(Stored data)
• • • •

Lemma star_fan_complete x : exists c, c \in star_fan /\ in_cone v' c x.
Proof.
case: fanC => _ _ _ _ complete; have [c [cC xc]] := complete x.
have [csig|csig] := eqVneq c sig; last first.
  by exists (w @: c); split; [rewrite inE imset_f // !inE csig|exact/in_cone_lift].
move: xc; rewrite csig => -[lam [lam0 [lamS ->]]].
have iS : i \in sig by rewrite !inE eqxx.
have [z zS zmin] := arg_minP lam iS; have {}zS : z \in sig := zS.
exists (star_cone z); split; first by rewrite inE imset_f ?orbT.
(* move the smallest coordinate [lam z] of [x] onto [rho] *)
pose mu t' := if unlift ord_max t' is Some t then lam t - (t \in sig)%:R * lam z else lam z.
exists mu; split=> [t'|].
  case: (unliftP ord_max t') => [t ->|->]; rewrite /mu ?liftK ?unlift_none //.
  by case: (boolP (t \in sig)) => tS; rewrite ?mul1r ?mul0r ?subr0 ?subr_ge0 ?zmin.
split=> [t'|].
  case: (unliftP ord_max t') => [t ->|->]; last by rewrite rho_star_cone.
  rewrite mem_star_cone_lift negb_and negbK /mu liftK => /orP[tS|/eqP ->].
    by rewrite lamS // (negbTE tS) mul0r subr0.
  by rewrite zS mul1r subrr.
rewrite [RHS]comb_push; apply: eq_bigr => t _; congr (_ *: _).
by rewrite /push /mu liftK unlift_none subrK.
Qed.

Lemma star_cone_set3 x y z : sig = [set x; y; z] -> x != y -> x != z -> y != z ->
  star_cone z = [set w x; w y; rho].
Proof.
move=> Sxyz xy xz yz; apply/setP => t'.
case: (unliftP ord_max t') => [t ->|->]; last by rewrite rho_star_cone !inE eqxx orbT.
rewrite mem_star_cone_lift Sxyz !inE !(inj_eq lift_inj) lift_neq_rho orbF.
by case: (eqVneq t z) => [->|]; rewrite ?andbF ?andbT ?orbF // !(eq_sym z) (negbTE xz) (negbTE yz).
Qed.

Lemma star_fan_smooth c : c \in star_fan -> exists a b e : 'I_N.+1,
  c = [set a; b; e] /\ (\det (mx3 v' a b e) = 1 \/ \det (mx3 v' a b e) = -1).
Proof.
case: fanC => _ smooth _ _ _; have [ij ik jk] := det3_distinct det_sig.
move=> /star_fanP[[d /setD1P[_ dC] ->]|[z zS ->]].
  have [a [b [e [-> unimod]]]] := smooth d dC; exists (w a), (w b), (w e).
  by rewrite set3E !imsetU1 imset_set1 -set3E det_mx3 !star_rays_lift -det_mx3.
have rho_ijk := star_rays_rho (erefl sig) ij ik jk.
have unimod : det3 (v i) (v j) (v k) = 1 \/ det3 (v i) (v j) (v k) = -1 by rewrite -det_mx3.
have mem_sig : [/\ i \in sig, j \in sig & k \in sig] by rewrite !inE !eqxx !orbT.
case: mem_sig => iS jS kS.
move: zS; rewrite !inE => /orP[/orP[]|] /eqP ->.
- have [ji ki] : j != i /\ k != i by rewrite !(eq_sym _ i).
  have Sjki := sig_set3 jS kS iS jk ji ki.
  exists (w j), (w k), rho; rewrite (star_cone_set3 Sjki jk ji ki).
  split=> //; rewrite det_mx3 (_ : det3 _ _ _ = det3 (v i) (v j) (v k)) //.
  by rewrite /det3 !star_rays_lift !rho_ijk; ring.
- have kj : k != j by rewrite eq_sym.
  exists (w i), (w k), rho; rewrite (star_cone_set3 (sig_set3 iS kS jS ik ij kj) ik ij kj).
  split=> //; rewrite det_mx3 (_ : det3 _ _ _ = - det3 (v i) (v j) (v k)).
    by case: unimod => ->; [right|left].
  by rewrite /det3 !star_rays_lift !rho_ijk; ring.
- exists (w i), (w j), rho; rewrite (star_cone_set3 (erefl sig) ij ik jk).
  split=> //; rewrite det_mx3 (_ : det3 _ _ _ = det3 (v i) (v j) (v k)) //.
  by rewrite /det3 !star_rays_lift !rho_ijk; ring.
Qed.

Lemma star_fan_rays t' : exists c, c \in star_fan /\ t' \in c.
Proof.
case: fanC => _ _ rays _ _; have [ij _ _] := det3_distinct det_sig.
have new z : z \in sig -> star_cone z \in star_fan by move=> zS; rewrite inE imset_f ?orbT.
have iS : i \in sig by rewrite !inE eqxx.
case: (unliftP ord_max t') => [t ->|->]; last by exists (star_cone i); rewrite new ?rho_star_cone.
have [c [cC tc]] := rays t; have [csig|csig] := eqVneq c sig; last first.
  by exists (w @: c); rewrite mem_lift inE imset_f // !inE csig.
pose z := if t == i then j else i.
have [zS tz] : z \in sig /\ t != z.
  by rewrite /z; case: eqVneq => [->|]; rewrite ?ij // !inE eqxx ?orbT.
by exists (star_cone z); rewrite new // mem_star_cone_lift -csig tc.
Qed.

Lemma star_rays_neq_rho t : v' (w t) <> v' rho.
Proof.
case: fanC => _ _ rays fan _; rewrite star_rays_lift => vt.
pose lam u := (u \in sig)%:R : rat.
have lamS : supported lam sig by move=> u /negbTE uS; rewrite /lam uS.
have xE : vecQ v t = comb v lam.
  apply/matrixP => s o; rewrite (ord1 o) combE !mxE vt /star_rays unlift_none rmorph_sum.
  rewrite big_mkcond; apply: eq_bigr => u _.
  by rewrite /lam /vq; case: (u \in sig); rewrite ?mul1r ?mul0r.
have xsig : in_cone v sig (vecQ v t).
  by exists lam; split=> [u|]; [rewrite /lam ler0n|split].
have sub_of (T : {set 'I_N}) : T \subset sig -> in_cone v T (vecQ v t) -> sig \subset T.
  move=> sub xT; apply/subsetP => u uS; apply: (in_cone_face free_sig sub lamS xE xT).
  by rewrite /lam uS oner_eq0.
have [c [cC tc]] := rays t.
have sigc : sig \subset c.
  have := sub_of _ (subsetIr c sig) (fan c sig cC sigC _ (in_cone_ray v tc) xsig).
  by move/subset_trans; apply; apply: subsetIl.
have tS : t \in sig by rewrite -(sub_sig cC sigc).
have tsig : [set t] \subset sig by rewrite sub1set.
have /subset_leq_card := sub_of _ tsig (in_cone_ray v (set11 t)).
by rewrite card_sig cards1.
Qed.

Lemma star_rays_inj : injective v'.
Proof.
case: fanC => inj _ _ _ _ x y.
case: (unliftP ord_max x) => [a ->|->]; case: (unliftP ord_max y) => [b ->|->] //.
- by rewrite !star_rays_lift => /inj ->.
- by move/star_rays_neq_rho.
- by move/esym/star_rays_neq_rho.
Qed.

Lemma star_fan_smooth_complete : smooth_complete_fan v' star_fan.
Proof.
split; [exact: star_rays_inj|exact: star_fan_smooth|exact: star_fan_rays|
        exact: star_fan_fan|exact: star_fan_complete].
Qed.

Lemma star_picard : picard_number v' = (picard_number v).+1.
Proof.
have [ij ik jk] := det3_distinct det_sig.
have D' : det3 (v' (w i)) (v' (w j)) (v' rho) != 0.
  suff -> : det3 (v' (w i)) (v' (w j)) (v' rho) = det3 (v i) (v j) (v k) by exact: det_sig.
  by rewrite /det3 !star_rays_lift !(star_rays_rho (erefl sig) ij ik jk); ring.
have le3N : (3 <= N)%N by rewrite -card_sig -[X in (_ <= X)%N]card_ord max_card.
by rewrite /picard_number (rank_rayMatrix D') (rank_rayMatrix det_sig) subSn.
Qed.

(* The walls of the exceptional line [V(x, rho)] and of the strict transform of
   the curve [V(x, y)]. *)
Lemma nef_star_walls a' x y z c l0 (al0 be0 : rat) : nef v' star_fan a' ->
  sig = [set x; y; z] -> x != y -> x != z -> y != z ->
  c \in C -> x \in c -> y \in c -> l0 \in c -> l0 \notin sig -> wall_relation v z l0 x y al0 be0 ->
  (a' rho)%:~R <= (a' (w x))%:~R + (a' (w y))%:~R + (a' (w z))%:~R :> rat /\
  0 <= (a' rho)%:~R + (a' (w l0))%:~R + (al0 - 1) * (a' (w x))%:~R + (be0 - 1) * (a' (w y))%:~R.
Proof.
move=> nef_a Sxyz xy xz yz cC xc yc lc lS /wall_relationP rel0.
have [yx zx zy] : [/\ y != x, z != x & z != y] by split; rewrite eq_sym.
have [xS yS zS] : [/\ x \in sig, y \in sig & z \in sig] by rewrite Sxyz !inE !eqxx !orbT.
have newC u : u \in sig -> star_cone u \in star_fan by move=> uS; rewrite inE imset_f ?orbT.
have oldC : w @: c \in star_fan.
  by rewrite inE imset_f // !inE cC andbT; apply: contraNneq lS => <-.
have rho_xyz := vq_star_rho Sxyz xy xz yz.
split.
  suff : 0 <= (a' (w y))%:~R + (a' (w z))%:~R + 1 * (a' (w x))%:~R + (-1) * (a' rho)%:~R :> rat.
    by lra.
  apply: (nef_a _ _ (newC z zS) (newC y yS) (w x) rho (w y) (w z));
    rewrite ?mem_star_cone_lift ?rho_star_cone ?lift_neq_rho ?eqxx ?andbF
      ?xS ?yS ?zS ?xz ?yx ?zy //.
  by apply/wall_relationP => s; rewrite !vq_star_lift rho_xyz; ring.
apply: (nef_a _ _ (newC z zS) oldC (w x) (w y) rho (w l0));
  rewrite ?mem_star_cone_lift ?mem_lift ?rho_star_cone ?rho_notin_lift ?(inj_eq lift_inj)
    ?xS ?yS ?xz ?yz ?xc ?yc ?lc ?xy ?(negbTE lS) //.
by apply/wall_relationP => s; rewrite !vq_star_lift rho_xyz -(rel0 s); ring.
Qed.

Lemma nef_star_down a' : nef v' star_fan a' -> nef v C (a' \o w).
Proof.
move=> nef_a c c' cC c'C x y z l0 xc xc' yc yc' xy zc zc' lc' lc al0 be0 rel0.
have ne_of (d : {set 'I_N}) u u' : u \in d -> u' \notin d -> u != u'.
  by move=> ud; apply: contraNneq => <-.
have [csig|csig] := eqVneq c sig; have [c'sig|c'sig] := eqVneq c' sig.
- by move: zc'; rewrite c'sig -csig zc.
- have [xz yz] := (ne_of _ _ _ xc' zc', ne_of _ _ _ yc' zc').
  have Sxyz : sig = [set x; y; z] by rewrite csig in xc yc zc; apply: sig_set3.
  have lS : l0 \notin sig by rewrite -csig.
  have [w1 w2] := nef_star_walls nef_a Sxyz xy xz yz c'C xc' yc' lc' lS rel0.
  rewrite /=; lra.
- have [lx ly] := (ne_of _ _ _ xc lc, ne_of _ _ _ yc lc).
  have Sxyl : sig = [set x; y; l0] by rewrite c'sig in xc' yc' lc'; apply: sig_set3.
  have zS : z \notin sig by rewrite -c'sig.
  have rel0' : wall_relation v l0 z x y al0 be0.
    by move/wall_relationP: rel0 => rel0; apply/wall_relationP => s; rewrite -(rel0 s); ring.
  have [w1 w2] := nef_star_walls nef_a Sxyl xy lx ly cC xc yc zc zS rel0'.
  rewrite /=; lra.
- have oldC d : d \in C -> d != sig -> w @: d \in star_fan.
    by move=> dC dsig; rewrite inE imset_f // !inE dsig.
  apply: (nef_a _ _ (oldC c cC csig) (oldC c' c'C c'sig) (w x) (w y) (w z) (w l0));
    rewrite ?mem_lift ?(inj_eq lift_inj) //.
  by rewrite !vecQ_star_lift.
Qed.

Variables (l : 'I_N) (al be : rat).
Hypotheses (sig'C : [set i; j; l] \in C) (rel : wall_relation v k l i j al be).

Lemma nef_star_trivial : (forall a, nef v C a -> trivial_bundle v a) ->
  forall a', nef v' star_fan a' -> trivial_bundle v' a'.
Proof.
move=> triv a' nef_a; have [m am] := triv _ (nef_star_down nef_a).
have [ij ik jk] := det3_distinct det_sig.
have [iS' jS' lS'] : [/\ i \in [set i; j; l], j \in [set i; j; l] & l \in [set i; j; l]].
  by rewrite !inE !eqxx !orbT.
have [w1 w2] := nef_star_walls nef_a (erefl sig) ij ik jk sig'C iS' jS' lS'
  (wall_relation_notin det_sig rel) rel.
have deg0 := principal_degree0 am rel; rewrite /= in deg0.
have a_rho : a' rho = a' (w i) + a' (w j) + a' (w k).
  by apply/eqP; rewrite -(eqr_int rat) !rmorphD /=; apply/eqP; lra.
exists m => t'; case: (unliftP ord_max t') => [t ->|->]; first by rewrite star_rays_lift; apply: am.
rewrite a_rho !(am : forall t, a' (w t) = _) -!big_split /=; apply: eq_bigr => s _.
by rewrite (star_rays_rho (erefl sig) ij ik jk) !mulrDr.
Qed.

Lemma star_unimodular_wall : unimodular_wall v' star_fan.
Proof.
have [ij ik jk] := det3_distinct det_sig.
have lS := wall_relation_notin det_sig rel.
have rho_ijk := star_rays_rho (erefl sig) ij ik jk.
exists (w i), (w j), rho, (w l), (al - 1), (be - 1); split.
- by rewrite -(star_cone_set3 (erefl sig) ij ik jk) inE imset_f ?orbT // !inE eqxx orbT.
- rewrite (_ : [set w i; w j; w l] = w @: [set i; j; l]); last first.
    by rewrite !set3E !imsetU1 imset_set1.
  rewrite inE imset_f // !inE sig'C andbT.
  by apply: contraNneq lS => <-; rewrite !inE eqxx orbT.
- suff -> : \det (mx3 v' (w i) (w j) rho) = \det (mx3 v i j k) by [].
  by rewrite !det_mx3 /det3 !star_rays_lift !rho_ijk; ring.
move/wall_relationP: rel => rel0; apply/wall_relationP => s.
by rewrite !vq_star_lift (vq_star_rho (erefl sig) ij ik jk) -(rel0 s); ring.
Qed.

End StarSubdivision.

(** * The induction *)

Definition nef_trivial_fan n N (v : 'I_N -> 'I_3 -> int) (C : {set {set 'I_N}}) : Prop :=
  [/\ smooth_complete_fan v C, picard_number v = n,
      forall a, nef v C a -> trivial_bundle v a & unimodular_wall v C].

Lemma nef_trivial_fan_v0 : nef_trivial_fan 5 v0 C0.
Proof.
split.
- split; [exact: v0_inj|exact: v0_smooth|exact: v0_rays|exact: v0_fan|exact: v0_complete].
- by rewrite /picard_number (@rank_rayMatrix _ v0 o0 o1 o5).
- exact: v0_nef_trivial.
exists o0, o1, o5, o7, (-2)%:~R, 1%:~R; split.
- exact: (cone_of_C0 (p := (o0, o1, o5))).
- exact: (cone_of_C0 (p := (o0, o1, o7))).
- by left; rewrite det_mx3.
by apply/wall_relationP; apply: ord3P; rewrite /vq /= -!intrM -!intrD; apply/eqP; rewrite intr_eq0.
Qed.

Lemma nef_trivial_fan_star n N (v : 'I_N -> 'I_3 -> int) C :
  nef_trivial_fan n v C -> exists N' (v' : 'I_N' -> 'I_3 -> int) C', nef_trivial_fan n.+1 v' C'.
Proof.
case=> fanC picard triv [i [j [k [l [al [be [sigC sig'C unimod rel]]]]]]].
exists N.+1, (star_rays v i j k), (star_fan C i j k); split.
- exact: star_fan_smooth_complete.
- by rewrite (star_picard unimod) picard.
- exact: (nef_star_trivial unimod sig'C rel triv).
- by apply: (star_unimodular_wall unimod sig'C rel).
Qed.

Lemma nef_trivial_fan_exists d :
  exists N (v : 'I_N -> 'I_3 -> int) C, nef_trivial_fan (5 + d) v C.
Proof.
elim: d => [|d [N [v [C /nef_trivial_fan_star]]]]; last by rewrite addnS.
by exists 8%N, v0, C0; exact: nef_trivial_fan_v0.
Qed.

Theorem mainTheorem5 :
  forall n : nat, (5 <= n)%N ->
  exists (N : nat) (v : 'I_N -> 'I_3 -> int) (C : {set {set 'I_N}}),
    smooth_complete_fan v C /\ picard_number v = n /\
    (forall a : 'I_N -> int, nef v C a -> trivial_bundle v a).
Proof.
move=> n le5n; have [N [v [C [fanC picard triv _]]]] := nef_trivial_fan_exists (n - 5).
by exists N, v, C; rewrite picard subnKC.
Qed.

• • • •

▶ _BRIEF_
Which lines of the entries above contain the string "andbT"? Copy each one.

▶ _ANSWER TO THIS PROBLEM_
by case: (eqVneq t z) => [->|]; rewrite ?andbF ?andbT ?orbF // !(eq_sym z) (negbTE xz) (negbTE yz).
  by rewrite inE imset_f // !inE cC andbT; apply: contraNneq lS => <-.
  rewrite inE imset_f // !inE sig'C andbT.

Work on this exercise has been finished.